* _AIM OF THE TASK_: Down to the last line, output the records below exactly.

Stored dataset items
========================================================================
Theorem proposition3p8 (R : realType) (d : nat) (dT : measure_display)
  (T : measurableType dT) (P : nat -> probability T R)
  (X : T -> 'rV[R]_d -> R) (Omega : set 'rV[R]_d) (eps : nat -> R) :
  open Omega -> bounded_set Omega -> simply_connected Omega ->
  smooth_boundary Omega ->
  standing_assumptions P X Omega ->
  (forall N, 0 < eps N) -> eps @ \oo --> 0 ->
  (forall gamma : R, 0 < gamma -> exists Rg : R, 0 < Rg /\
     forall N x, Omega x ->
       ('E_(P N)[fun w => expR (gamma * X w x)]
          <= (Rg * eps N `^ (- (gamma ^+ 2 / 2)))%:E)%E) ->
  (exists C c : R, [/\ 0 < C, 0 < c &
     forall N, {ae P N, forall w, forall x, Omega x ->
       exists K : set 'rV[R]_d,
         [/\ compact K, K `<=` Omega,
             ((c * eps N ^+ d)%:E <= leb_meas K)%E &
             forall t, K t -> X w x - C <= X w t]}]) ->
  (forall alpha : R, Num.sqrt (2 * d%:R) < alpha ->
     (fun N => outer_prob (P N)
        [set w | exists x, Omega x /\ alpha * ln (eps N)^-1 <= X w x])
       @ \oo --> 0%E)
  /\
  (forall varpi : nat -> R,
     {homo varpi : n m / (n <= m)%N >-> n <= m} ->
     (fun N => varpi N / ln (eps N)^-1) @ \oo --> +oo ->
     forall gamma : R, 0 < gamma -> exists Cg : R, 0 < Cg /\
       forall N,
         (outer_prob (P N)
            [set w | ((varpi N)%:E <= ereal_sup [set (X w x)%:E | x in Omega])%E]
          <= (Cg * eps N `^ (- (gamma ^+ 2 / 2) - d%:R)
                 * expR (- (gamma * varpi N)))%:E)%E).
Proof.
move=> oO bO _ _ [mX _ _ _ _] eps_gt0 eps_cvg mom [C [c [_ c_gt0 plateau]]].
have mO := open_measurable_Rd oO.
have finO := leb_meas_bounded_lt mO bO.
split=> [alpha alpha_gt|varpi _ _ gamma g0].
- have [Rg [Rg0 momg]] := mom alpha (le_lt_trans (sqrtr_ge0 _) alpha_gt).
  exact (level_reached_cvg0 mX mO finO eps_gt0 c_gt0 plateau alpha_gt eps_cvg Rg0 momg).
- have [Rg [Rg0 momg]] := mom gamma g0.
  have [K [K0 tail]] := sup_tail mX mO finO eps_gt0 c_gt0 plateau g0 Rg0 momg.
  by exists K; split => // N; apply: tail.
Qed.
========================================================================
* _SOLUTION_:
Theorem proposition3p8 (R : realType) (d : nat) (dT : measure_display)
  (T : measurableType dT) (P : nat -> probability T R)
  (X : T -> 'rV[R]_d -> R) (Omega : set 'rV[R]_d) (eps : nat -> R) :
  open Omega -> bounded_set Omega -> simply_connected Omega ->
  smooth_boundary Omega ->
  standing_assumptions P X Omega ->
  (forall N, 0 < eps N) -> eps @ \oo --> 0 ->
  (forall gamma : R, 0 < gamma -> exists Rg : R, 0 < Rg /\
     forall N x, Omega x ->
       ('E_(P N)[fun w => expR (gamma * X w x)]
          <= (Rg * eps N `^ (- (gamma ^+ 2 / 2)))%:E)%E) ->
  (exists C c : R, [/\ 0 < C, 0 < c &
     forall N, {ae P N, forall w, forall x, Omega x ->
       exists K : set 'rV[R]_d,
         [/\ compact K, K `<=` Omega,
             ((c * eps N ^+ d)%:E <= leb_meas K)%E &
             forall t, K t -> X w x - C <= X w t]}]) ->
  (forall alpha : R, Num.sqrt (2 * d%:R) < alpha ->
     (fun N => outer_prob (P N)
        [set w | exists x, Omega x /\ alpha * ln (eps N)^-1 <= X w x])
       @ \oo --> 0%E)
  /\
  (forall varpi : nat -> R,
     {homo varpi : n m / (n <= m)%N >-> n <= m} ->
     (fun N => varpi N / ln (eps N)^-1) @ \oo --> +oo ->
     forall gamma : R, 0 < gamma -> exists Cg : R, 0 < Cg /\
       forall N,
         (outer_prob (P N)
            [set w | ((varpi N)%:E <= ereal_sup [set (X w x)%:E | x in Omega])%E]
          <= (Cg * eps N `^ (- (gamma ^+ 2 / 2) - d%:R)
                 * expR (- (gamma * varpi N)))%:E)%E).
Proof.
move=> oO bO _ _ [mX _ _ _ _] eps_gt0 eps_cvg mom [C [c [_ c_gt0 plateau]]].
have mO := open_measurable_Rd oO.
have finO := leb_meas_bounded_lt mO bO.
split=> [alpha alpha_gt|varpi _ _ gamma g0].
- have [Rg [Rg0 momg]] := mom alpha (le_lt_trans (sqrtr_ge0 _) alpha_gt).
  exact (level_reached_cvg0 mX mO finO eps_gt0 c_gt0 plateau alpha_gt eps_cvg Rg0 momg).
- have [Rg [Rg0 momg]] := mom gamma g0.
  have [K [K0 tail]] := sup_tail mX mO finO eps_gt0 c_gt0 plateau g0 Rg0 momg.
  by exists K; split => // N; apply: tail.
Qed.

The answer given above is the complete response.